Павел покачал головой.
— А ты не понимаешь? У Кольки родители здесь живут, у дружка его Мишки — тоже семья. Уже шепчутся, что мы с тобой специально их засадили, чтобы ты за Катей мог ухлёстывать.
У меня от ярости сжались кулаки. Павел заметил это.
— Извини. Говорю, что сам слышал. Вот теперь думаю — что с этими слухами делать, пока они в общественное мнение не превратились. Потом будет поздно.
— Это где ты такое слышал? — поинтересовался Фёдор Игнатьевич.
— Возле магазина бабы судачили, — неохотно ответил Павел.
— Во как! — нахмурился председатель. — Такие разговоры надо на корню пресекать.
— А как я пресеку? — возразил Павел. — Если они про меня и говорят.
— Для этого не ты, а я на свою должность поставлен, — сказал Фёдор Игнатьевич. — И дело не в вас, а в Кате. Ты, Паша, и не такие разговоры переживёшь. Андрей Иваныч человек временный, скоро уедет. А Кате как тут жить? И я деревню без фельдшера не оставлю.
Он забарабанил пальцами по брезентовому верху своего «Газика».
— Вот что! Сегодня в шесть часов соберём общее собрание. Кого увидите — всем говорите, чтобы приходили к клубу. Поговорю с людьми.
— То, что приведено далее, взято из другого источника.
Lemma RInt_Isph_flux_r u : 0 <= u <= T ->
  RInt (fun r => Isph eR_r u r - Isph ePQ_r u r) r0 (T + r0 - u) =
  (Isph eR u (T + r0 - u) - Isph ePQ u (T + r0 - u)) - (Isph eR u r0 - Isph ePQ u r0).
Proof.
  intros Hu. pose proof cont_on_densities as (ceR & cePQ & _ & ceRr & cePQr & _).
  assert (Hin : forall r, r0 <= r <= T + r0 - u -> triangle r0 T u r) by (unfold triangle; intros; lra).
  assert (Hline : forall X, cont_on D X -> cont_Icc r0 (T + r0 - u) (fun r => Isph X u r)).
  { intros X cX. apply (cont_Icc_Isph (triangle r0 T) X r0 (T + r0 - u) (fun _ => u) (fun r => r));
      auto using lip1_id, lip1_const. }
  apply (RInt_derive_Icc (fun r => Isph eR u r - Isph ePQ u r) (fun r => Isph eR_r u r - Isph ePQ_r u r));
    [lra | apply (cont_Icc_op2 _ _ Rminus); auto using cont_op2_minus
    | apply (cont_Icc_op2 _ _ Rminus); auto using cont_op2_minus |].
  intros x Hx.
  assert (Heta : 0 < Rmin (x - r0) (T + r0 - u - x)) by (apply Rmin_pos; lra).
  assert (Hball : forall y, Rabs (y - x) < Rmin (x - r0) (T + r0 - u - x) -> triangle r0 T u y)
    by (intros y Hy; apply ball_in_interval in Hy; apply Hin; lra).
  apply is_derive_Rminus.
  - apply (is_derive_Isph_r (triangle r0 T) eR eR_r u x _ ceR ceRr Heta Hball).
    intros y s p Hy Hs. apply ball_in_interval in Hy.
    apply (is_derive_Rsqr (fun z => R_ u z s p)).
    apply (C1_on_derive_r _ _ _ _ _ _ _ CR); auto; lra.
  - apply (is_derive_Isph_r (triangle r0 T) ePQ ePQ_r u x _ cePQ cePQr Heta Hball).
    intros y s p Hy Hs. apply ball_in_interval in Hy.
    apply (is_derive_Rplus (fun z => P u z s p ^ 2) (fun z => Q u z s p ^ 2));
      [apply (is_derive_Rsqr (fun z => P u z s p)) | apply (is_derive_Rsqr (fun z => Q u z s p))].
    + apply (C1_on_derive_r _ _ _ _ _ _ _ CP); auto; lra.
    + apply (C1_on_derive_r _ _ _ _ _ _ _ CQ); auto; lra.
Qed.


Hypothesis HT : 0 <= T.

Lemma RInt_Isph_eR_u_triangle :
  RInt (fun r => Isph eR (T + r0 - r) r) r0 (T + r0) - RInt (fun r => Isph eR 0 r) r0 (T + r0)
  = RInt (fun u => RInt (fun r => Isph eR_u u r) r0 (T + r0 - u)) 0 T.
Proof.
  pose proof cont_on_densities as (ceR & _ & ceRu & _).
  rewrite <- RInt_triangle_swap_Isph by auto.
  rewrite <- RInt_Rminus.
  - apply RInt_ext. intros r Hr. rewrite Rmin_left, Rmax_right in Hr by lra.
    symmetry; apply RInt_Isph_eR_u; lra.
  - apply (ex_RInt_Isph (triangle r0 T) eR r0 (T + r0) (fun r => T + r0 - r) (fun r => r));
      auto using lip1_reflect, lip1_id; [lra | unfold triangle; intros; lra].
  - apply (ex_RInt_Isph (triangle r0 T) eR r0 (T + r0) (fun _ => 0) (fun r => r));
      auto using lip1_const, lip1_id; [lra | unfold triangle; intros; lra].
Qed.

Lemma RInt_Isph_eR_u_le u : 0 <= u <= T ->
  RInt (fun r => Isph eR_u u r) r0 (T + r0 - u) <=
  1/2 * ((Isph eR u (T + r0 - u) - Isph ePQ u (T + r0 - u)) - (Isph eR u r0 - Isph ePQ u r0)).
Proof.
  intros Hu. pose proof cont_on_densities as (_ & _ & ceRu & ceRr & cePQr & _).
  assert (Hex : forall X, cont_on D X -> ex_RInt (fun r => Isph X u r) r0 (T + r0 - u)).
  { intros X cX. apply (ex_RInt_Isph (triangle r0 T) X r0 (T + r0 - u) (fun _ => u) (fun r => r));
      auto using lip1_const, lip1_id; [lra | unfold triangle; intros; lra]. }
  rewrite <- RInt_Isph_flux_r, <- RInt_Rmult_l by (try apply ex_RInt_Rminus; auto).
  apply RInt_le; [lra | auto | apply ex_RInt_Rmult_l, ex_RInt_Rminus; auto |].
  intros r Hr. apply Isph_energy_inequality. unfold triangle; lra.
Qed.

Lemma triangle_energy_inequality :
  RInt (fun r => Isph eR (T + r0 - r) r) r0 (T + r0) - RInt (fun r => Isph eR 0 r) r0 (T + r0) <=
  1/2 * ((RInt (fun r => Isph eR (T + r0 - r) r) r0 (T + r0)
          - RInt (fun r => Isph ePQ (T + r0 - r) r) r0 (T + r0))
         - (RInt (fun u => Isph eR u r0) 0 T - RInt (fun u => Isph ePQ u r0) 0 T)).
Proof.
  pose proof cont_on_densities as (ceR & cePQ & ceRu & _).
  assert (Hseg : forall X fr, cont_on D X -> lip1 fr -> (forall u, 0 <= u <= T -> triangle r0 T u (fr u)) ->
            ex_RInt (fun u => Isph X u (fr u)) 0 T)
    by (intros; apply (ex_RInt_Isph (triangle r0 T)); auto using lip1_id).
  assert (Hhyp_in : forall u, 0 <= u <= T -> triangle r0 T u (T + r0 - u)) by (unfold triangle; intros; lra).
  assert (Hside_in : forall u, 0 <= u <= T -> triangle r0 T u r0) by (unfold triangle; intros; lra).
  assert (exRh := Hseg eR _ ceR (lip1_reflect _) Hhyp_in).
  assert (exPQh := Hseg ePQ _ cePQ (lip1_reflect _) Hhyp_in).
  assert (exRs := Hseg eR _ ceR (lip1_const _) Hside_in).
  assert (exPQs := Hseg ePQ _ cePQ (lip1_const _) Hside_in).
  assert (Hhyp := ex_RInt_Rminus _ _ _ _ exRh exPQh).
  assert (Hside := ex_RInt_Rminus _ _ _ _ exRs exPQs).
  rewrite RInt_Isph_eR_u_triangle, <- !RInt_hypotenuse by auto.
  assert (Hdiff := ex_RInt_Rminus _ _ _ _ Hhyp Hside).
  assert (Hsplit : RInt (fun u => 1/2 * ((Isph eR u (T + r0 - u) - Isph ePQ u (T + r0 - u))
                                        - (Isph eR u r0 - Isph ePQ u r0))) 0 T
                   = 1/2 * ((RInt (fun u => Isph eR u (T + r0 - u)) 0 T
                             - RInt (fun u => Isph ePQ u (T + r0 - u)) 0 T)
                            - (RInt (fun u => Isph eR u r0) 0 T - RInt (fun u => Isph ePQ u r0) 0 T))).
  { rewrite (RInt_Rmult_l _ _ _ _ Hdiff), (RInt_Rminus _ _ _ _ Hhyp Hside).
    rewrite (RInt_Rminus _ _ _ _ exRh exPQh), (RInt_Rminus _ _ _ _ exRs exPQs). reflexivity. }
  rewrite <- Hsplit.
  apply RInt_le; [lra | apply ex_RInt_triangle_Isph; auto | apply ex_RInt_Rmult_l; exact Hdiff |].
  intros u Hu. apply RInt_Isph_eR_u_le. lra.
Qed.
(* Instances of the braid identities: [12] for [x := s1, y := s2], [21] for
   the generators swapped; suffixes give the exponent of specialised ones. *)
Let conjV12 := braid_conjV s1_unit s2_unit braid.
Let conjV21 := braid_conjV s2_unit s1_unit (esym braid).
Let conj12 := braid_conjV_exprz s1_unit s2_unit braid.
Let conj21 := braid_conjV_exprz s2_unit s1_unit (esym braid).
Let shift12 := braid_mul_exprz s1_unit s2_unit braid.
Let shift21 := braid_mul_exprz s2_unit s1_unit (esym braid).
Let shiftV12 := braid_exprz_mulV s1_unit s2_unit braid.
Let shiftV21 := braid_exprz_mulV s2_unit s1_unit (esym braid).

Let braidV : s1^-1 * s2^-1 * s1^-1 = s2^-1 * s1^-1 * s2^-1 := shiftV21 (-1).
Let conj12_N1 : s2^-1 * s1^-1 * s2 = s1 * s2^-1 * s1^-1 := conj12 (-1).
Let shiftV12_1 : s2 * s1^-1 * s2^-1 = s1^-1 * s2^-1 * s1 := shiftV12 1.

Local Ltac normalize_words := rewrite ?exprz_smallE ?mul1r ?mulr1 ?mulrA.

Let shift21_2 : s2 * s1 * s2 * s2 = s1 * s1 * s2 * s1.
Proof. by have := shift21 2; normalize_words. Qed.

Let shiftV21_N2 : s1^-1 * s1^-1 * s2^-1 * s1^-1 = s2^-1 * s1^-1 * s2^-1 * s2^-1.
Proof. by have := shiftV21 (-2); normalize_words. Qed.

Let conj12_N2 : s2^-1 * s1^-1 * s1^-1 * s2 = s1 * s2^-1 * s2^-1 * s1^-1.
Proof. by have := conj12 (-2); normalize_words. Qed.

Let conj21_N2 : s1^-1 * s2^-1 * s2^-1 * s1 = s2 * s1^-1 * s1^-1 * s2^-1.
Proof. by have := conj21 (-2); normalize_words. Qed.

Lemma U_bimod_u1u2u1 i j k w : w = s1 ^ i * s2 ^ j * s1 ^ k -> U_bimod w.
Proof.
by move=> ->; apply: U_bimod_sandwich; [left; apply: u2_exprz | apply: u1_exprz ..].
Qed.

Lemma U_bimod_word g i k w : g \in U_bimod_words -> w = s1 ^ i * g * s1 ^ k -> U_bimod w.
Proof. by move=> word_g ->; apply: U_bimod_sandwich; [right | apply: u1_exprz ..]. Qed.

Lemma U_bimod_s2s1Vs2 i k w : w = s1 ^ i * (s2 * s1^-1 * s2) * s1 ^ k -> U_bimod w.
Proof. by apply: U_bimod_word; rewrite /U_bimod_words !inE eqxx. Qed.

Lemma U_bimod_s2Vs1s2V i k w : w = s1 ^ i * (s2^-1 * s1 * s2^-1) * s1 ^ k -> U_bimod w.
Proof. by apply: U_bimod_word; rewrite /U_bimod_words !inE eqxx orbT. Qed.

Lemma U_bimod_s2s1N2s2 i k w : w = s1 ^ i * (s2 * s1^-2 * s2) * s1 ^ k -> U_bimod w.
Proof. by apply: U_bimod_word; rewrite /U_bimod_words !inE eqxx !orbT. Qed.

Lemma U_bimod_s2N2s1N2s2N2 i k w :
  w = s1 ^ i * (s2^-2 * s1^-2 * s2^-2) * s1 ^ k -> U_bimod w.
Proof. by apply: U_bimod_word; rewrite /U_bimod_words !inE eqxx !orbT. Qed.

Lemma U_s2Vs1N2s2V i w : w = s1 ^ i * (s2^-1 * s1^-2 * s2^-1) -> U w.
Proof.
by move=> ->; apply: in_span_sub; do 3 right; left; exists (s1 ^ i); split=> //;
  apply: u1_exprz.
Qed.

Lemma s2_window_left m0 m1 m2 m3 {P : A -> Prop} {u v : A} : lincomb_closed P ->
  m1 = m0 + 1 -> m2 = m0 + 2 -> m3 = m0 + 3 ->
  P (s2 ^ m0 * u * v) -> P (s2 ^ m1 * u * v) ->
  P (s2 ^ m2 * u * v) -> P (s2 ^ m3 * u * v) ->
  forall i, P (s2 ^ i * u * v).
Proof.
have E z : s2 ^ z * u * v = 1 * s2 ^ z * (u * v) by rewrite mul1r mulrA.
move=> closedP E1 E2 E3 H0 H1 H2 H3 i; rewrite E.
by apply: (exprz_window de s2_unit s2_quartic m0 m1 m2 m3 closedP); rewrite // -E.
Qed.

Lemma s2_window_right m0 m1 m2 m3 {P : A -> Prop} {u v : A} : lincomb_closed P ->
  m1 = m0 + 1 -> m2 = m0 + 2 -> m3 = m0 + 3 ->
  P (u * v * s2 ^ m0) -> P (u * v * s2 ^ m1) ->
  P (u * v * s2 ^ m2) -> P (u * v * s2 ^ m3) ->
  forall k, P (u * v * s2 ^ k).
Proof.
have E z : u * v * s2 ^ z = (u * v) * s2 ^ z * 1 by rewrite mulr1.
move=> closedP E1 E2 E3 H0 H1 H2 H3 k; rewrite E.
by apply: (exprz_window de s2_unit s2_quartic m0 m1 m2 m3 closedP); rewrite // -E.
Qed.

Lemma U_bimod_s2_s1_s2 i k : U_bimod (s2 ^ i * s1 * s2 ^ k).
Proof.
move: k; apply: (s2_window_right (-1) 0 1 2 U_bimod_closed) => //.
- move: i; apply: (s2_window_left (-1) 0 1 2 U_bimod_closed) => //.
  + by apply: (U_bimod_s2Vs1s2V 0 0); normalize_words.
  + by apply: (U_bimod_u1u2u1 1 (-1) 0); normalize_words.
  + by apply: (U_bimod_u1u2u1 (-1) 1 1); normalize_words; rewrite conjV21.
  + by apply: (U_bimod_s2s1Vs2 0 1); normalize_words; rewrite (mulr3_lcongr (esym conjV21)) !mulrA.
- by apply: (U_bimod_u1u2u1 0 i 1); normalize_words.
- by apply: (U_bimod_u1u2u1 1 1 i); normalize_words; rewrite shift12.
- move: i; apply: (s2_window_left (-2) (-1) 0 1 U_bimod_closed) => //.
  + apply: (U_bimod_s2s1N2s2 1 0); normalize_words.
    by rewrite (mulr3_lcongr conjV12) !mulrA conjV12.
  + by apply: (U_bimod_s2s1Vs2 1 0); normalize_words; rewrite conjV12.
  + by apply: (U_bimod_u1u2u1 1 2 0); normalize_words.
  + by apply: (U_bimod_u1u2u1 2 1 1); normalize_words; rewrite shift21_2.
Qed.

Lemma U_s2_s1V_s2 i k : U (s2 ^ i * s1^-1 * s2 ^ k).
Proof.
move: k; apply: (s2_window_right (-2) (-1) 0 1 U_closed) => //.
- move: i; apply: (s2_window_left (-2) (-1) 0 1 U_closed) => //.
  + apply: (U_s2Vs1N2s2V (-1)); normalize_words.
    by rewrite (mulr3_lcongr (esym braidV)) !mulrA -braidV.
  + apply: U_bimod_sub; apply: (U_bimod_u1u2u1 (-2) (-1) (-1)).
    by normalize_words; rewrite shiftV21_N2.
  + by apply: U_bimod_sub; apply: (U_bimod_u1u2u1 (-1) (-2) 0); normalize_words.
  + by apply: U_bimod_sub; apply: (U_bimod_s2Vs1s2V (-1) 0); normalize_words; rewrite shiftV12_1.
- by apply: U_bimod_sub; apply: (U_bimod_u1u2u1 (-1) (-1) i); normalize_words; rewrite shiftV12.
- by apply: U_bimod_sub; apply: (U_bimod_u1u2u1 0 i (-1)); normalize_words.
- move: i; apply: (s2_window_left (-2) (-1) 0 1 U_closed) => //.
  + apply: U_bimod_sub; apply: (U_bimod_s2Vs1s2V 0 (-1)); normalize_words.
    by rewrite (mulr3_lcongr conj12_N1) !mulrA.
  + by apply: U_bimod_sub; apply: (U_bimod_u1u2u1 1 (-1) (-1)); normalize_words; rewrite conj12_N1.
  + by apply: U_bimod_sub; apply: (U_bimod_u1u2u1 (-1) 1 0); normalize_words.
  + by apply: U_bimod_sub; apply: (U_bimod_s2s1Vs2 0 0); normalize_words.
Qed.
— Не надо, Фёдор Игнатьевич!
Катя выбежала на крыльцо с горящими от смущения щеками. Спрятала лицо в ладони и повторила:
— Не надо! Пожалуйста!
— Не переживай, Катюша! Или ты мне не веришь? Всё будет хорошо. На собрании чтоб была непременно! А пока — иди, лечи больного! Что там у него?
Фёдор Игнатьевич поднялся по ступенькам, обнял Катю за плечи и увёл в медпункт.
— Вывих, Фёдор Игнатьевич! — услышал я голос Кати. — И связки надорваны. Но без рентгена точнее сказать нельзя...
Мы с Павлом только переглянулись.
Председатель вышел из медпункта, окинул нас взглядом.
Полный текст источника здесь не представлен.